Who contributed to boostDM?

boostDM is a team effort from the Biomedical Genomics lab (https://bbglab.irbbarcelona.org/) at the Institute for Research in Biomedicine (IRB Barcelona). Ferran Muiños, Francisco Martinez-Jimenez, Oriol Pich, Abel Gonzalez-Perez and Nuria Lopez-Bigas led the main conceptualization, development and validation of the first release.

Legacy: Iker Reyes-Salazar, Loris Mularoni, David Martínez Millán, Electra Tapanari and Claudia Arnedo-Pac provided additional technical support to make the first release a reality.

Current Release The current release has been developed by Federica Brando, Santi Demajo, Paula Gomis, Miguel L. Grau, Ferran Muiños, Stefano Pellegrini, Joan E. Ramis-Zaldívar and Mònica Sánchez-Guixé, under the supervision of Abel González-Pérez and Núria López-Bigas.

Usability Questions

What is the current status of the website?

The website is currently a stable alpha version subject to a few minor adjustments. Any feedback or bug reporting is invaluable for us. Please, would you come across any issue, let us know here: bbglab@irbbarcelona.org.

How to read the results?

There are essentially five different types of columns:

Gene information: gene symbol (gene), gene identifier (ENSEMBL_GENE), transcript identifier (ENSEMBL_TRANSCRIPT).
Mutation descriptors: chromosome (chr), position (pos), alternate allele (alt), amino acid change (aachange).
Mutational features used to match each mutation to a tumorigenic potential: CLUSTL; HotMaps; smRegions (signif_motif); conservation score (PhyloP); NMD (nmd); PTM site annotation (Acetylation, Methylation, Phosphorylation, Regulatory_Site, Ubiquitination); coding consequence type (csqn_type_*).
Predicted tumorigenic potential (boostDM_score, boostDM_class).
Feature explanation values (SHAP) inferred for each individual prediction (shap_*, followed by the name of the mutational feature).
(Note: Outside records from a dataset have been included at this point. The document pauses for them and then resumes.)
(* Write psi := 1 / h~ and g p := (1 + L / p)^-1 = p / (p + L), so that the function is
   f (g (psi mu)) - a c(mu).  Since (-1/h~)'' = (h~ h~'' - 2 h~'^2) / h~^3, the hypothesis
   2 h~'^2 <= h~ h~'' says exactly that psi is concave.  For L >= 0, g is concave and
   nondecreasing on ]0, +oo[, and so is f; a concave nondecreasing function of a concave
   function is concave, and subtracting the convex a c preserves concavity.  Finally L > 0:
   if L <= 0, the integrand of the defining equation is at least mu (1 + beta) / mean, whose
   integral is 1 + beta > beta. *)

Section concavity.
Variable R : realType.
Implicit Types (I J : set R) (f g : R -> R).

Definition nondecreasing_on I g := forall x y, I x -> I y -> x <= y -> g x <= g y.

Lemma increasing_on_nondecreasing I g : increasing_on I g -> nondecreasing_on I g.
Proof. by move=> gi x y Ix Iy; rewrite le_eqVlt => /predU1P[->|/(gi _ _ Ix Iy)/ltW]. Qed.

Lemma is_interval_conv I x y t : is_interval I -> I x -> I y ->
  0 <= t -> t <= 1 -> I (t * x + (1 - t) * y).
Proof.
move=> iI Ix Iy t0 t1; have [xy|yx] := leP x y.
- by apply: (iI x y) => //; apply/andP; split; nra.
- by apply: (iI y x) => //; apply/andP; split; nra.
Qed.

Lemma concave_on_itv_lt a b g :
  (forall x y t, a <= x -> x < y -> y <= b -> 0 <= t -> t <= 1 ->
     t * g x + (1 - t) * g y <= g (t * x + (1 - t) * y)) ->
  concave_on `[a, b] g.
Proof.
move=> glt x y t /=; rewrite !in_itv /= => /andP[ax xb] /andP[ay yb] t0 t1.
have [xy|yx|<-] := ltgtP x y; first exact: glt.
- have := glt y x (1 - t) ay yx xb; rewrite subr_ge0 t1 gerBl t0 subKr.
  by rewrite addrC [X in _ <= g X]addrC; apply.
- by rewrite -!mulrDl addrC subrK !mul1r.
Qed.

Lemma concave_on_comp I J f g : is_interval I -> is_interval J ->
  concave_on J f -> nondecreasing_on J f ->
  concave_on I g -> (forall x, I x -> J (g x)) -> concave_on I (f \o g).
Proof.
move=> iI iJ fc fnd gc gIJ x y t Ix Iy t0 t1 /=.
apply: le_trans (fc _ _ _ (gIJ _ Ix) (gIJ _ Iy) t0 t1) _.
apply: fnd; last exact: gc.
- exact: is_interval_conv iJ (gIJ _ Ix) (gIJ _ Iy) t0 t1.
- exact: gIJ (is_interval_conv iI Ix Iy t0 t1).
Qed.

Lemma concave_on_sub_convex I f c a : 0 <= a ->
  concave_on I f -> convex_on I c -> concave_on I (fun x => f x - a * c x).
Proof.
move=> a0 fc cc x y t Ix Iy t0 t1.
have := fc x y t Ix Iy t0 t1; have := ler_wpM2l a0 (cc x y t Ix Iy t0 t1).
lra.
Qed.

End concavity.

Section saturation.
Variables (R : realType) (L : R).
Hypothesis L_ge0 : 0 <= L.

Lemma inv1Ddiv_E (p : R) : 0 < p -> (1 + L / p)^-1 = p / (p + L).
Proof. by move=> p0; field; rewrite !gt_eqF // ltr_pwDl. Qed.

Lemma inv1Ddiv_gt0 (p : R) : 0 < p -> 0 < (1 + L / p)^-1.
Proof. by move=> p0; rewrite inv1Ddiv_E // divr_gt0 // ltr_pwDl. Qed.

Lemma nondecreasing_inv1Ddiv : nondecreasing_on `]0, +oo[ (fun p => (1 + L / p)^-1).
Proof.
move=> p q /=; rewrite !in_itv /= !andbT => p0 q0 pq.
have Dpos r : 0 < r -> 1 + L / r \is Num.pos.
  by move=> r0; rewrite posrE ltr_wpDr // divr_ge0 // ltW.
rewrite lef_pV2 ?Dpos // lerD2l ler_wpM2l // lef_pV2 ?posrE //.
Qed.

Lemma concave_inv1Ddiv : concave_on `]0, +oo[ (fun p => (1 + L / p)^-1).
Proof.
move=> x y t /=; rewrite !in_itv /= !andbT => x0 y0 t0 t1.
set w := t * x + (1 - t) * y.
have w0 : 0 < w by rewrite /w; nra.
rewrite !inv1Ddiv_E // -subr_ge0.
have [xL yL wL] : [/\ 0 < x + L, 0 < y + L & 0 < w + L] by split; rewrite ltr_pwDl.
have -> : w / (w + L) - (t * (x / (x + L)) + (1 - t) * (y / (y + L))) =
    L * t * (1 - t) * (x - y) ^+ 2 / ((x + L) * (y + L) * (w + L)).
  by rewrite /w; field; rewrite !gt_eqF.
apply: divr_ge0; last by rewrite ltW // !mulr_gt0.
by rewrite mulr_ge0 ?sqr_ge0 // !mulr_ge0 // subr_ge0.
Qed.

End saturation.

Section inverse_concavity.
Variable R : realType.
Implicit Types (h : R -> R) (a b x : R).

Lemma is_derive_Ninv h x : h x != 0 -> derivable h x 1 ->
  is_derive x 1 (fun y => - (h y)^-1) ('D_1 h x / h x ^+ 2).
Proof.
move=> hx0 dh; apply: is_derive_eq (is_deriveN (is_deriveV hx0 (derivableP dh))) _.
by rewrite scaleNr opprK mulrC.
Qed.

Lemma is_derive2_Ninv h a b x :
  {in `]a, b[, forall y, h y != 0 /\ derivable h y 1} ->
  x \in `]a, b[ -> derivable ('D_1 h) x 1 ->
  is_derive x 1 ('D_1 (fun y => - (h y)^-1))
    ((h x * 'D_1 ('D_1 h) x - 2 * 'D_1 h x ^+ 2) / h x ^+ 3).
Proof.
move=> hD xab dDh; have [hx0 dh] := hD x xab.
have DNinvE : \forall y \near x, 'D_1 h y / h y ^+ 2 = 'D_1 (fun y => - (h y)^-1) y.
  near=> y; have [hy0 dhy] : h y != 0 /\ derivable h y 1.
    by apply: hD; near: y; exact: near_in_itvoo.
  by rewrite (@derive_val _ _ _ _ _ _ _ (is_derive_Ninv hy0 dhy)).
apply: near_eq_is_derive DNinvE _.
apply: is_derive_eq (is_deriveM (derivableP dDh)
  (is_deriveV (f := h ^+ 2) (expf_neq0 2 hx0) (is_deriveX 2 (derivableP dh)))) _.
rewrite /= expr1 /GRing.scale /= (_ : (h ^+ 2) x = h x ^+ 2) //; field.
Unshelve. all: by end_near.
Qed.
What is the reference genome?

GRCh38/hg38

What transcripts and variant consequence types are we using?

We use Ensembl VEP v111 and MANE Select transcripts to align with common standards used in the clinics. The consequence type of a given mutation is defined as the most damaging consequence types among all consequence types consistent with the MANE Select transcript and VEP version.

What do the tumor type acronyms mean?

You can download the docs describing the tumor type ontology from the downloads page.

What gene-tumor type combinations are included?

First and foremost, only genes classified as drivers by IntOGen in specific tumor types can be part of valid gene-tumor type combinations. Second, since boostDM learns to evaluate the driver potential of mutations in driver genes from the training examples we feed it on, for some gene-tumor type combinations the performance after training may be poor, generally because of the low number of training examples and/or low representability of the mutations observed for that gene and tumor type. We are presenting the results for 736 gene-tumor type combinations which attain a minimum quality (see What gene-tumor type models are featured in the website? ).

Can I run the code?

The boostDM training and prediction pipeline can be forked from this repo: @bbglab/boostdm-pipeline. Please, follow the documentation provided in the repo to fulfill all the data and software requirements.

Can I check the full documentation?

Yes, you can download the full documentation of the current version of the pipeline from here.

Can I access previous releases of boostDM?

Yes, if you want to download in-silico-saturation tables from previous releases from BoostDM please visit the Downloads tab. Alternatively, if you are interested in browsing the previous release of the BoostDM website, please go to boostDM legacy.

Can I provide feedback?

Any feedback is invaluable to us. Please, feel free to drop your comments here: bbglab@irbbarcelona.org.

Why does this site use cookies and what for?

We are using Google Analytics cookies to track usage of our site. boostDM is a publicly-funded project and these metrics are important to keep support for this project.